From Data Virtualization to Data Services
Posted in BI and Analytics, Data Governance & Policy, Information Management, Virtualization on January 19th, 2011 by DStodder – Be the first to commentWith margins for transactional operations getting thinner, organizations in many industries are focused on leveraging more value from their data. This could not be truer than in the financial services industry, where the onrushing spread of algorithmic trading is changing…well, everything, including the role of information in guiding trading and investment decisions. This rather unnerving article in Wired by Felix Salmon and Jon Stokes captures what’s happening quite well. The speed with which organizations need to turn data into both better business insight and marketable data services has many looking closely at data virtualization.
As an analyst, I am fortunate to be a (remote) participant in the Boulder BI Brain Trust (BBBT), the Boulder, Colorado-based brainchild of Claudia Imhoff. A couple of times a month, this illustrious group of experts gathers for half-day briefings with vendors in the business intelligence, analytics and data warehousing space; the briefings are always highly informative (on Twitter, watch for the hash tag #BBBT). On Friday, January 14, the topic was data virtualization: the BBBT met with Composite Software, a leading vendor of tools and solutions for data virtualization. Composite brought along a customer – and no small customer, either – NYSE Euronext. Emile Werr, NYSE Euronext’s VP of Global Data Services and head of Enterprise Data Architecture gave us a briefing on how the company is developing a data virtualization layer using Composite’s products.
Wikipedia has a good definition of data virtualization: “to integrate data from multiple, disparate sources – anywhere across the extended enterprise – in a unified, logically virtualized manner for consumption by nearly any front-end business solution, including portals, reports, applications, search and more.” As the Wiki entry notes, data virtualization (or “data federation”) is an alternative to data consolidation or replication into data warehouses and data marts. When this concept was first introduced, it was the cause of fiery debates at TDWI events and elsewhere. Now, it has settled in as a complement to the other more entrenched approaches.
Virtualization helps when organizations can’t really wait for standard data integration and loading into a data warehouse. That is very much the challenge facing NYSE Euronext, which is using Composite tools to develop a virtual layer to improve data access for internal executives and to establish a platform for creating data services. “We have so many companies trying to connect into us, and we want to serve standardized information out to companies around the world,” Werr said. NYSE Euronext is moving away from its old method of dumping transaction data into a warehouse; it wants to put more intelligence into the virtual layer. And to help build this layer, it is hiring people with business skills who understand processes and how to derive business value from data. “[These professionals] are the most productive people on my team right now,” he said.

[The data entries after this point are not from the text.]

Lemma roots_le_sgchanges n (a : 'I_n -> R) p :
  (forall i, 0 < a i) -> (forall i j : 'I_n, (i < j)%N -> a i < a j) ->
  (forall i, root p (a i)) -> p != 0 -> (n <= sgchanges (Sign p))%N.
Proof.
move=> a_gt0 a_incr pa pn0.
have a_inj : injective a.
  move=> i j aij; apply/val_inj; have [ij|ji|//] := ltngtP i j.
  - by have := a_incr _ _ ij; rewrite aij ltxx.
  - by have := a_incr _ _ ji; rewrite aij ltxx.
pose s := sort <=%R [seq a i | i <- enum 'I_n].
have -> : n = size s by rewrite size_sort size_map size_enum_ord.
apply: descartes => //.
  rewrite path_sortedE; last exact: lt_trans.
  apply/andP; split; first by apply/allP => x; rewrite mem_sort => /mapP[i _ ->].
  rewrite lt_sorted_uniq_le sort_uniq map_inj_uniq ?enum_uniq // sort_sorted //.
  exact: le_total.
by apply/allP => x; rewrite mem_sort => /mapP[i _ ->].
Qed.

End Descartes.

Lemma exists_poly_roots_supported (F : fieldType) n (a : 'I_n -> F) (J : seq nat) :
  uniq J -> (n < size J)%N ->
  exists2 q : {poly F}, q != 0 &
    (forall i, root q (a i)) /\ (forall j, q`_j != 0 -> j \in J).
Proof.
move=> uJ nJ.
pose A : 'M[F]_(size J, n) := \matrix_(k, i) a i ^+ nth 0%N J k.
have : kermx A != 0.
  rewrite kermx_eq0; apply: contraTN nJ => /eqP rkA.
  by rewrite -leqNgt -rkA rank_leq_col.
case/rowV0Pn => v /sub_kermxP vA /rV0Pn[k0 vk0].
pose q := \sum_(k < size J) v 0 k *: 'X^(nth 0%N J k).
have qE j : q`_j = \sum_(k < size J | nth 0%N J k == j) v 0 k by rewrite coef_sumMXn.
have qk0 : q`_(nth 0%N J k0) = v 0 k0.
  by rewrite qE (big_pred1 k0) // => k; rewrite /= nth_uniq.
exists q; last split.
- by apply: contra_neq vk0 => q0; rewrite -qk0 q0 coef0.
- move=> i; rewrite rootE; have := congr1 (fun M : 'M_(1, n) => M 0 i) vA.
  rewrite !mxE => <-; rewrite horner_sum; apply/eqP/eq_bigr => k _.
  by rewrite hornerZ hornerXn mxE.
- move=> j; rewrite qE; apply: contraNT => jJ; rewrite big_pred0 // => k.
  by apply: contraNF jJ => /eqP <-; rewrite mem_nth.
Qed.

Section Interpolation.
Variable R : realType.
Implicit Types f g q : {poly R}.

Lemma admissible_Sign_sub f g : CMP f -> CMP g -> admissible (Sign f) (Sign (f - g)).
Proof.
move=> f_ge0 g_ge0 i; rewrite !nth_Sign coefB !inE.
have [f0|fp] := eqVneq f`_i 0.
  rewrite f0 sub0r sgzN; have [->|gn0] := eqVneq g`_i 0; first by rewrite sgz0 eqxx orbT.
  by rewrite gtr0_sgz ?lt_def ?gn0 ?g_ge0 // eqxx.
rewrite [sgz f`_i]gtr0_sgz ?lt_def ?fp ?f_ge0 //.
by case: sgzP => _; rewrite eqxx ?orbT.
Qed.

Lemma interpolant_unique n (a b : 'I_n -> R) f :
  (forall i, 0 < a i) -> (forall i j : 'I_n, (i < j)%N -> a i < a j) ->
  CMP f -> interpolates a b f -> (dfrakP f + 1 <= n)%N ->
  forall g, CMP g -> interpolates a b g -> g = f.
Proof.
move=> a_gt0 a_incr f_ge0 fab dn g g_ge0 gab; apply/eqP; rewrite eq_sym -subr_eq0.
apply: contraTT dn => fg_neq0; rewrite -ltnNge addn1 ltnS.
have roots_fg i : root (f - g) (a i) by rewrite rootE !hornerE fab gab subrr.
apply: leq_trans (roots_le_sgchanges a_gt0 a_incr roots_fg fg_neq0) _.
have [_ dmax] := dfrak_spec (Sign f).
by rewrite -SC_sgchanges; apply: dmax; apply: admissible_Sign_sub.
Qed.

Lemma admissible_coef_gt0 f t j : admissible (Sign f) t -> nth 0 t j = 1 -> 0 < f`_j.
Proof.
move=> ad tj1; have := ad j; rewrite tj1 nth_Sign -sgz_gt0.
by rewrite !inE => /or3P[] // /eqP <-.
Qed.

Lemma Sign_eq_alternating q ts :
  q != 0 -> all is_sign ts -> alternating ts ->
  (forall j, nth 0 ts j = 0 -> q`_j = 0) ->
  (count_nz ts <= (sgchanges (Sign q)).+1)%N ->
  (forall j, sgz q`_j = nth 0 ts j) \/ (forall j, sgz q`_j = - nth 0 ts j).
Proof.
move=> qn0 sts alt_ts q_supp cnt.
have szq : (size q <= size ts)%N by apply/leq_sizeP => j /(nth_default 0)/q_supp.
pose us := Sign q ++ nseq (size ts - size q) 0.
have nth_us j : nth 0 us j = sgz q`_j by rewrite nth_cat_nseq0 nth_Sign.
have sub : all2 (fun x y => (y == 0) ==> (x == 0)) us ts.
  apply: (@all2_nth _ _ 0 0); first by rewrite size_cat size_nseq size_Sign subnKC.
  by move=> j _; rewrite nth_us; apply/implyP => /eqP/q_supp ->; rewrite sgz0.
have sus : all is_sign us.
  by rewrite all_cat all_is_sign_Sign all_nseq /is_sign !inE eqxx !orbT.
have us_nz : first_nz us != 0 by rewrite first_nz_cat_nseq0 first_nz_Sign_neq0.
have := sgchanges_count_nz us; rewrite us_nz sgchanges_cat_nseq0 addn1 => cnt_us.
have alt_us : alternating us.
  rewrite /alternating us_nz sgchanges_cat_nseq0 addn1 eqn_leq cnt_us.
  exact: leq_trans (count_nz_le sub) cnt.
have [E|E] := alternating_eq sub sus sts (leq_trans cnt cnt_us) alt_us alt_ts.
  by left=> j; rewrite -nth_us E.
by right=> j; rewrite -nth_us E nth_opp.
Qed.

Lemma exists_alternating_pattern n f : (0 < n <= dfrakP f)%N ->
  exists ts, [/\ all is_sign ts, alternating ts, count_nz ts = n.+1
                & forall j, nth 0 ts j = 1 -> 0 < f`_j].
Proof.
move=> nd; have [[t [ad SCt]] _] := dfrak_spec (Sign f).
rewrite SC_sgchanges -/(dfrakP f) in SCt.
have st := admissible_is_sign (all_is_sign_Sign f) ad.
exists (pick_alt n.+1 0 t); split.
- exact: all_is_sign_pick_alt.
- exact: alternating_pick_alt.
- by rewrite count_nz_pick_alt_sgchanges // SCt.
- move=> j tsj; apply: (admissible_coef_gt0 ad).
  by have := nth_pick_alt (k := n.+1) (p := 0) (t := t) (j := j); rewrite tsj => <-.
Qed.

The BBBT session featured an interesting debate about how data governance fits with data virtualization. Can data quality and governance rules be managed and invoked from the virtual layer? Should they be managed at the source or as part of extract, transformation and loading (ETL) processes, as many organizations do now? The discussion began to turn toward master data management and the option of creating a central hub or registry to implement governance for access to multiple sources. Highly regulated industries such as financial services and healthcare should consider this approach because of the need to invoke regulatory provisions for data access and sharing. Werr discussed these requirements and how his organization hopes to use the Composite virtual layer to support metadata governance and access from multiple BI tools.
Putting intelligence into a virtual layer fits with the IT infrastructure trend toward virtualization and cloud computing, and may become even more important because of this trend. Service-oriented applications running on cloud and virtual platforms frequently require access to multiple, disparate data sources. From a business standpoint, data virtualization is going to be critical to moving data quickly from the back office outward, to where it can be packaged into “information-as-a-service” offerings that customers will buy – and that will improve the seller’s profit margins.